**GOAL OF THE EXERCISE**
Using the records below, find every line that includes "subsets" and copy it.
————————
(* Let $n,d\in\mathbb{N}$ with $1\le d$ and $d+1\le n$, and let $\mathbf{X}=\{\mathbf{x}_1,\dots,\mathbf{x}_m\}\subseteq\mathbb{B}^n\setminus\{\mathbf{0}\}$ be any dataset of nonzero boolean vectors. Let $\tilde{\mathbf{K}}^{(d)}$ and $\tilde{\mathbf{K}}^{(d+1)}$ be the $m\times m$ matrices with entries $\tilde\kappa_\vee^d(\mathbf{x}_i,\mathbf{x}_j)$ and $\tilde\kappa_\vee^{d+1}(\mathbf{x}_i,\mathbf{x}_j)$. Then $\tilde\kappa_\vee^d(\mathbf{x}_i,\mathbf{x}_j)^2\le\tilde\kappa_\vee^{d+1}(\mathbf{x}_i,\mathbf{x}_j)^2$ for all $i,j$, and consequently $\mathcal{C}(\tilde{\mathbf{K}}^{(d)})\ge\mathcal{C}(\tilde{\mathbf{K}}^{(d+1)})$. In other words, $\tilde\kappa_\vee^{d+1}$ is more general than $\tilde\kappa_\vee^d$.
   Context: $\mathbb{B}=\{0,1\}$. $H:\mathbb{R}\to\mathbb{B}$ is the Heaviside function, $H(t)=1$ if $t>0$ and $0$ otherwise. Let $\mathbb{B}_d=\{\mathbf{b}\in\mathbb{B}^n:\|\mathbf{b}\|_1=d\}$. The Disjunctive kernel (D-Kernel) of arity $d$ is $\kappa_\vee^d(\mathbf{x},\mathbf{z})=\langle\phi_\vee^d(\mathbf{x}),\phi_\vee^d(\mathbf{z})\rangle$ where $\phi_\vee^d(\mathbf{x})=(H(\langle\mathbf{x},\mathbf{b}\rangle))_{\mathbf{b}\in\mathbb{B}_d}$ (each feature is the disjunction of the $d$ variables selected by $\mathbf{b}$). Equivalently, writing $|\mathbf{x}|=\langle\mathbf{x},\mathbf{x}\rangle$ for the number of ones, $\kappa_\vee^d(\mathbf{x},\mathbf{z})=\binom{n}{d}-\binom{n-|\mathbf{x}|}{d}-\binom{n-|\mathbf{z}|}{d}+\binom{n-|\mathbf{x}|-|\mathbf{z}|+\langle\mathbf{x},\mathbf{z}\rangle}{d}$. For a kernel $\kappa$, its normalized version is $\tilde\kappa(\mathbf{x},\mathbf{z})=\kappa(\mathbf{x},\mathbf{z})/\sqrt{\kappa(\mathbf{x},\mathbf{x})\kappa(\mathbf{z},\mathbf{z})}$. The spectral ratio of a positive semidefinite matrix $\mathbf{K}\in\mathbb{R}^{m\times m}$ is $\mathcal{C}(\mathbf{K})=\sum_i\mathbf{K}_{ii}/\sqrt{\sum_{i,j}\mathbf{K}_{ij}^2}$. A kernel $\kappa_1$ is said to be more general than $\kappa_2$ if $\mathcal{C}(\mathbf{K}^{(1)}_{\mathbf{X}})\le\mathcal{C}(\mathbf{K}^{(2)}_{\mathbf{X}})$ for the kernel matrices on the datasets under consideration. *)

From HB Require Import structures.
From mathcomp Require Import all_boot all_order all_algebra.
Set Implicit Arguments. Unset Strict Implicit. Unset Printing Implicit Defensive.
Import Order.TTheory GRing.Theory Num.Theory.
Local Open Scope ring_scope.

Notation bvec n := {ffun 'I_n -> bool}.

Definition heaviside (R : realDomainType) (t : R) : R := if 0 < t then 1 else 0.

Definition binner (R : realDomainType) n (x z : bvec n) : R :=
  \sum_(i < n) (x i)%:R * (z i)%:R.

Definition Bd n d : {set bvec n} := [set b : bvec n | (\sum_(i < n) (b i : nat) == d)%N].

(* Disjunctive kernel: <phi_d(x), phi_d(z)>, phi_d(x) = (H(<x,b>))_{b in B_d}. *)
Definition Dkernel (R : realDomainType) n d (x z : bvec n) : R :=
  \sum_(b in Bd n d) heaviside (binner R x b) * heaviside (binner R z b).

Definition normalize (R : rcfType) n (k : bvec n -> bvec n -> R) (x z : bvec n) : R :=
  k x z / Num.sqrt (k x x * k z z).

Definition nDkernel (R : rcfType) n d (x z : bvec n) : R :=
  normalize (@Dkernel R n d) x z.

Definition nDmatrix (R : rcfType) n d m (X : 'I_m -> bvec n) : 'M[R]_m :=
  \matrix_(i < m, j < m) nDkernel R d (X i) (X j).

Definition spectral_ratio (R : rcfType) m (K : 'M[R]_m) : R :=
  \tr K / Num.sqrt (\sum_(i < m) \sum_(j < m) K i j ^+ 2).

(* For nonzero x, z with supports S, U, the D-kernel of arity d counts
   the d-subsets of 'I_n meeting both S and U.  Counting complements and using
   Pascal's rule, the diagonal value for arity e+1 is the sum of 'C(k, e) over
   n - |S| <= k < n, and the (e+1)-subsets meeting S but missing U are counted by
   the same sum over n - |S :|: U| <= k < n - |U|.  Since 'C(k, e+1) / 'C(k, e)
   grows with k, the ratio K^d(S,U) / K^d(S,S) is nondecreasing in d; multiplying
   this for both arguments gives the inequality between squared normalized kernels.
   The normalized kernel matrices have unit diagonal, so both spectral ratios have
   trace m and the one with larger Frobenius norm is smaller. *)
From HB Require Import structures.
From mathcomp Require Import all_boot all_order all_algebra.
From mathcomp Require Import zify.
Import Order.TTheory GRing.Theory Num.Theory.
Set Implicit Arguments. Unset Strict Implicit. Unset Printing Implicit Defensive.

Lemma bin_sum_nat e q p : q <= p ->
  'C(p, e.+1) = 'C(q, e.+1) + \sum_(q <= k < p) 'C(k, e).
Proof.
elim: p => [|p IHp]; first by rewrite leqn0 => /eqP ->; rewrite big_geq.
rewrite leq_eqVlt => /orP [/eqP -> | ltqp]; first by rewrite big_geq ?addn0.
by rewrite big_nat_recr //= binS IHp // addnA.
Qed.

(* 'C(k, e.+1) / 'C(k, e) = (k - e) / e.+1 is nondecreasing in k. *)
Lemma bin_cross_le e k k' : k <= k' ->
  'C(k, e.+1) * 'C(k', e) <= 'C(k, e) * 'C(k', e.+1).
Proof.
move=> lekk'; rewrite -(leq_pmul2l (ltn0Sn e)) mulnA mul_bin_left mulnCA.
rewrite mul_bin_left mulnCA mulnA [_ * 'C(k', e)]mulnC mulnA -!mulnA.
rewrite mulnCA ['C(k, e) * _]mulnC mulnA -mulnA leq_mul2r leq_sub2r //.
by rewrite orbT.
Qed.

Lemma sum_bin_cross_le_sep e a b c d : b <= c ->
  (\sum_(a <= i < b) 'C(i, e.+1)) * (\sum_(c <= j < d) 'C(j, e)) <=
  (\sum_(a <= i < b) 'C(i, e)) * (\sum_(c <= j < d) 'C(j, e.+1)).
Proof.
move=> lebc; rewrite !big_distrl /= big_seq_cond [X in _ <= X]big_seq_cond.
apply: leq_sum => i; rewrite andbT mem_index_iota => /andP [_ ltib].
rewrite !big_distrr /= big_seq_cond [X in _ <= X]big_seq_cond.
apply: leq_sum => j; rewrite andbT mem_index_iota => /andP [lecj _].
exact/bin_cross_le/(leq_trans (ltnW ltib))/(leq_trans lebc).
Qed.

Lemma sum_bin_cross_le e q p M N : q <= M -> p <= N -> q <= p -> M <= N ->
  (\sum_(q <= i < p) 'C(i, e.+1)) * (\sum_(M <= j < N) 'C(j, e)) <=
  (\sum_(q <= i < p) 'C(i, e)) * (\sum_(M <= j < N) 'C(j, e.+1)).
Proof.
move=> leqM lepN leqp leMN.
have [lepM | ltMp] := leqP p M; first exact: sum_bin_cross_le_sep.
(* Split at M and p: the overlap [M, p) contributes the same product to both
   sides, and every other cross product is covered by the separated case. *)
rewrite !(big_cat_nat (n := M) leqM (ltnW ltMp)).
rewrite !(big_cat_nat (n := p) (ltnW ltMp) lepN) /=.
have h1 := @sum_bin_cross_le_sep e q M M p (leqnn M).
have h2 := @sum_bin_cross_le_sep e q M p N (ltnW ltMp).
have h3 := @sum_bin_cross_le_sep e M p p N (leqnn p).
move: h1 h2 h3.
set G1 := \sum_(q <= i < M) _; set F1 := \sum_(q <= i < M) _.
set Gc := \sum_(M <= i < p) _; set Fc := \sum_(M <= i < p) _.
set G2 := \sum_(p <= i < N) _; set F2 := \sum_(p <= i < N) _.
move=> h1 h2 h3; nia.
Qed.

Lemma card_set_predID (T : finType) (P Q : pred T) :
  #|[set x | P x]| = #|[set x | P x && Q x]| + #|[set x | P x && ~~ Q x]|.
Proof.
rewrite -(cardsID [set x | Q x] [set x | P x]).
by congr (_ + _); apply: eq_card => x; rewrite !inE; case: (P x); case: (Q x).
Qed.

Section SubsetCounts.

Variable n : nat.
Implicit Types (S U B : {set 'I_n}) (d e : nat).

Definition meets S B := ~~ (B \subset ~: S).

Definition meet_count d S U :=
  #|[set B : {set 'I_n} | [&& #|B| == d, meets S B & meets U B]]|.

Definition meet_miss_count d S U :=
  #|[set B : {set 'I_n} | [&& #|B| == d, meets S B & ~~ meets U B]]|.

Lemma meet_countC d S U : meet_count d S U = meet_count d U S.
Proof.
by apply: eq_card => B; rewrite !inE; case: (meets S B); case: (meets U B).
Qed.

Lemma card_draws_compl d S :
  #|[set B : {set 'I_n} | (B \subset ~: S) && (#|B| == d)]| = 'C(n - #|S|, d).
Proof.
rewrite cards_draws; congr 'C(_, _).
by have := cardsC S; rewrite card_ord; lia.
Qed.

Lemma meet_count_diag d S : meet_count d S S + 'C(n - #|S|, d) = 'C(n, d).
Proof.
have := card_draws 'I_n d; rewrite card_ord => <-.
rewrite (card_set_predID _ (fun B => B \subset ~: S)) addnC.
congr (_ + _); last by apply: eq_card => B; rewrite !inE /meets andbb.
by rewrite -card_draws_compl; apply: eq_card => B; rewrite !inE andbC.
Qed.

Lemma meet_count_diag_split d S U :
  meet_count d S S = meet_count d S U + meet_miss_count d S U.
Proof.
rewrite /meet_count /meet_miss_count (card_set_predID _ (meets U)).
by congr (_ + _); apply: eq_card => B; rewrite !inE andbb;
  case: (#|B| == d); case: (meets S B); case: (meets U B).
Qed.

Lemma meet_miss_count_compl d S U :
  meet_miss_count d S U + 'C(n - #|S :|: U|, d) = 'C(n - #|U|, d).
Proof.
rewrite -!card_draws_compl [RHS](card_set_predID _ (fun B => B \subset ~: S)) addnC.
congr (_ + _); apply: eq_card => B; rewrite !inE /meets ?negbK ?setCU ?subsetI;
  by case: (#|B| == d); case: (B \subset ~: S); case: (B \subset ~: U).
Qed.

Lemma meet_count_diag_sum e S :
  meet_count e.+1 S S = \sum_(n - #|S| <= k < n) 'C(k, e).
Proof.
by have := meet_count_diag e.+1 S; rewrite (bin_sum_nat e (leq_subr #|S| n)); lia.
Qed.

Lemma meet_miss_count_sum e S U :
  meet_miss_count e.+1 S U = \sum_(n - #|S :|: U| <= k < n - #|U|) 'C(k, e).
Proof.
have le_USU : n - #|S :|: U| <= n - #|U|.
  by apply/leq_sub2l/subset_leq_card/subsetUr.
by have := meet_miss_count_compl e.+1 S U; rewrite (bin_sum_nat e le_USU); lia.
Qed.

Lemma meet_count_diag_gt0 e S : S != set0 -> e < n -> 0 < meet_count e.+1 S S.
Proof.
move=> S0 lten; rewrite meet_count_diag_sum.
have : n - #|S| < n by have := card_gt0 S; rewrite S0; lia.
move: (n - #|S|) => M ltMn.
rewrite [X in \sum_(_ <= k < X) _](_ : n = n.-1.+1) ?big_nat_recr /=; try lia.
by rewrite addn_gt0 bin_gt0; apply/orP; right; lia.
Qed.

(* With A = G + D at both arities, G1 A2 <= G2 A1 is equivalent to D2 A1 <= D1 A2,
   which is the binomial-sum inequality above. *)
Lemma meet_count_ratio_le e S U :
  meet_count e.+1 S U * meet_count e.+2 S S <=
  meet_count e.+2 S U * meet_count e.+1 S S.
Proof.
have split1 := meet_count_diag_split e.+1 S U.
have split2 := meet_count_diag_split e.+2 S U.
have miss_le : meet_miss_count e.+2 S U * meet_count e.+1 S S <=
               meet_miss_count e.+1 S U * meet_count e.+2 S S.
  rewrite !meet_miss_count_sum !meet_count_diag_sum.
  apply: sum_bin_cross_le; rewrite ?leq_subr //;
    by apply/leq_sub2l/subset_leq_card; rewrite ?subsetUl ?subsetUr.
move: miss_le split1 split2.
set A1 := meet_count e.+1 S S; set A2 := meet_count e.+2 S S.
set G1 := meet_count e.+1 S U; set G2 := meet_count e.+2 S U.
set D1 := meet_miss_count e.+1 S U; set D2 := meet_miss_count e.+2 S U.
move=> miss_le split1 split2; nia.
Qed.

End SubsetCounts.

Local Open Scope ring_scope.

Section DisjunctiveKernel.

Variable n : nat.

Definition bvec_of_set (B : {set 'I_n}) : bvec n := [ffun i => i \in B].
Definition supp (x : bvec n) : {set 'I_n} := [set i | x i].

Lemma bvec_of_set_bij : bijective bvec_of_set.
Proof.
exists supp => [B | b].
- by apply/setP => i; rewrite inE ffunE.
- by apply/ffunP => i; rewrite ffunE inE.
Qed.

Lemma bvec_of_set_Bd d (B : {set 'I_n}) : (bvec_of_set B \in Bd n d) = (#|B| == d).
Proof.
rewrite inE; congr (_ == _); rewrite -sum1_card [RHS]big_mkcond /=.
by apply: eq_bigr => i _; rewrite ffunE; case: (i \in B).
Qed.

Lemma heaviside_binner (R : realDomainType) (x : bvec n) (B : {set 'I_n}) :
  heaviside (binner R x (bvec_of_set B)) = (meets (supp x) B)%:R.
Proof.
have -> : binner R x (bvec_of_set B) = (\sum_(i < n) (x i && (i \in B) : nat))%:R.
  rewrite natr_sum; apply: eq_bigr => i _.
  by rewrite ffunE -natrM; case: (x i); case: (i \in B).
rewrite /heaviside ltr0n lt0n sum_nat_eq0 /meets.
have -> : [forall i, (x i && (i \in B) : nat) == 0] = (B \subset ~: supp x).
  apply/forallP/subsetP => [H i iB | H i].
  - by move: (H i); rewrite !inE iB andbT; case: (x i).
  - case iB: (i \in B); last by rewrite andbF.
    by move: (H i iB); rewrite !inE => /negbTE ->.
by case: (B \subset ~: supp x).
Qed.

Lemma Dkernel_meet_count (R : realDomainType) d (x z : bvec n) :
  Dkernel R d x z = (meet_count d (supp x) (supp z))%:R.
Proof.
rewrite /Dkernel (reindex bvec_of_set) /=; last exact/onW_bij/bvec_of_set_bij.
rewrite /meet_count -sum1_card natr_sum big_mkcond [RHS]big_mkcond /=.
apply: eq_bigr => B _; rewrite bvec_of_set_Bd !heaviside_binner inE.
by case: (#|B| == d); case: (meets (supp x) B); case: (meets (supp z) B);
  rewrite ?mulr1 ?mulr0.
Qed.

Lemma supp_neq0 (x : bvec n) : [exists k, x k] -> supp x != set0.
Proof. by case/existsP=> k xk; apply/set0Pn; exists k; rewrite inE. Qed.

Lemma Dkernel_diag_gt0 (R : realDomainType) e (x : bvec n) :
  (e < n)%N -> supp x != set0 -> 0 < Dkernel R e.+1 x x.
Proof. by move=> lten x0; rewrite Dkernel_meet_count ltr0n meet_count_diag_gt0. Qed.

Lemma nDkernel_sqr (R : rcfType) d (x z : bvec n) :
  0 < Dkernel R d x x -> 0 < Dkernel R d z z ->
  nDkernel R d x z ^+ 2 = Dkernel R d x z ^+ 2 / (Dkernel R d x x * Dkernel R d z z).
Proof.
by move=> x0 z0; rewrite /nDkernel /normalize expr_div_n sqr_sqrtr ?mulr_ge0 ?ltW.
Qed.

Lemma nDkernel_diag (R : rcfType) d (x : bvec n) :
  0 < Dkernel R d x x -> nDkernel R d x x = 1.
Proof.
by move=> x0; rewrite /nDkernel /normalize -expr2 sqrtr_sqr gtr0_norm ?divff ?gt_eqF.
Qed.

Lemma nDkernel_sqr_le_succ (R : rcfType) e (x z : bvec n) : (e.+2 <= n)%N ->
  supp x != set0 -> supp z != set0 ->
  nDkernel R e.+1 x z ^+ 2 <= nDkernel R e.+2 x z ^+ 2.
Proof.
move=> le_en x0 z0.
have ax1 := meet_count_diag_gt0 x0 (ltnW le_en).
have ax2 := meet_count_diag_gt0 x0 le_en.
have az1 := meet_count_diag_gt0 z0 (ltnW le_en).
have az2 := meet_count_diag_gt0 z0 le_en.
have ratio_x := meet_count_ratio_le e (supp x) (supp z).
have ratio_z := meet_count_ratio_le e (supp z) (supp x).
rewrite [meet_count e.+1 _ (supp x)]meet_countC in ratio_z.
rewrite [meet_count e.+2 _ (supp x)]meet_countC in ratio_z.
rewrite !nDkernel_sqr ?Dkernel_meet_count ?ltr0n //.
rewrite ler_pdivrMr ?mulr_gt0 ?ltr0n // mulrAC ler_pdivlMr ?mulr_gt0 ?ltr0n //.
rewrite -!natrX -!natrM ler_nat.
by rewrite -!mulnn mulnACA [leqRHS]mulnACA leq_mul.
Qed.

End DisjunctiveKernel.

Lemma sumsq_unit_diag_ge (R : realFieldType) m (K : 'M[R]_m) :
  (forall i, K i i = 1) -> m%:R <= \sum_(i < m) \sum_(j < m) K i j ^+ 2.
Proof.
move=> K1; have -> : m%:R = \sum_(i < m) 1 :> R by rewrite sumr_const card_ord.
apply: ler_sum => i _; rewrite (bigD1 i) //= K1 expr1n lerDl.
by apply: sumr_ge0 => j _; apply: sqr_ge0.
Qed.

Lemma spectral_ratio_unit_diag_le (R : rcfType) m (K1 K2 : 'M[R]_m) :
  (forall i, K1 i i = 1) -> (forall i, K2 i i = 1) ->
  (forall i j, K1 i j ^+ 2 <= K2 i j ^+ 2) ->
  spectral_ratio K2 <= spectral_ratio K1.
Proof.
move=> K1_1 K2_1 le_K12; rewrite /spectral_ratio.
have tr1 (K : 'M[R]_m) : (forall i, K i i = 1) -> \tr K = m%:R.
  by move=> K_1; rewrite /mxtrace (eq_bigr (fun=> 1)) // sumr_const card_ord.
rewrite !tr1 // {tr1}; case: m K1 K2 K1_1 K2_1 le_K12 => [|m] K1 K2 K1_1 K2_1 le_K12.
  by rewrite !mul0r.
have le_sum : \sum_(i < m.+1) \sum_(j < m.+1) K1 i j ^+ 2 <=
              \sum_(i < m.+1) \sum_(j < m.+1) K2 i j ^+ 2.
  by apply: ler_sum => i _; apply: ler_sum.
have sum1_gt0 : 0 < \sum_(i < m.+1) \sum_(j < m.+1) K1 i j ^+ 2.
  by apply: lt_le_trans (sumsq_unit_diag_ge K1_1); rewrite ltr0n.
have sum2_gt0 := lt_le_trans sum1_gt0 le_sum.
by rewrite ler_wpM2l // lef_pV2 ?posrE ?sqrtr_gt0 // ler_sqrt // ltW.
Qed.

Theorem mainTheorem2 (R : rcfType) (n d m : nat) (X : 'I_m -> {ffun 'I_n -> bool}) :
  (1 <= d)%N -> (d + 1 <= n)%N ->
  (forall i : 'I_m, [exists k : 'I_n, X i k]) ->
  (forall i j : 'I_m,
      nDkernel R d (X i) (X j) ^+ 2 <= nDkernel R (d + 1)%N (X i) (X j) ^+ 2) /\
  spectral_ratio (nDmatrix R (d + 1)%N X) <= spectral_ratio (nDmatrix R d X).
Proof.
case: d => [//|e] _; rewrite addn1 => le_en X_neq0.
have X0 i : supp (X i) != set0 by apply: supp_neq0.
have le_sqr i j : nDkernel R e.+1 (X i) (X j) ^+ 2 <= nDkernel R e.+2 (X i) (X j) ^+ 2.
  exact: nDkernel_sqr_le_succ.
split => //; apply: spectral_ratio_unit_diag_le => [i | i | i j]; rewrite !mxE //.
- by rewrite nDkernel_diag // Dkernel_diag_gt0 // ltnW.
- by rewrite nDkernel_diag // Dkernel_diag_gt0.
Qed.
————————
**SOLUTION FOR THIS PROBLEM**
   the d-subsets of 'I_n meeting both S and U.  Counting complements and using
   n - |S| <= k < n, and the (e+1)-subsets meeting S but missing U are counted by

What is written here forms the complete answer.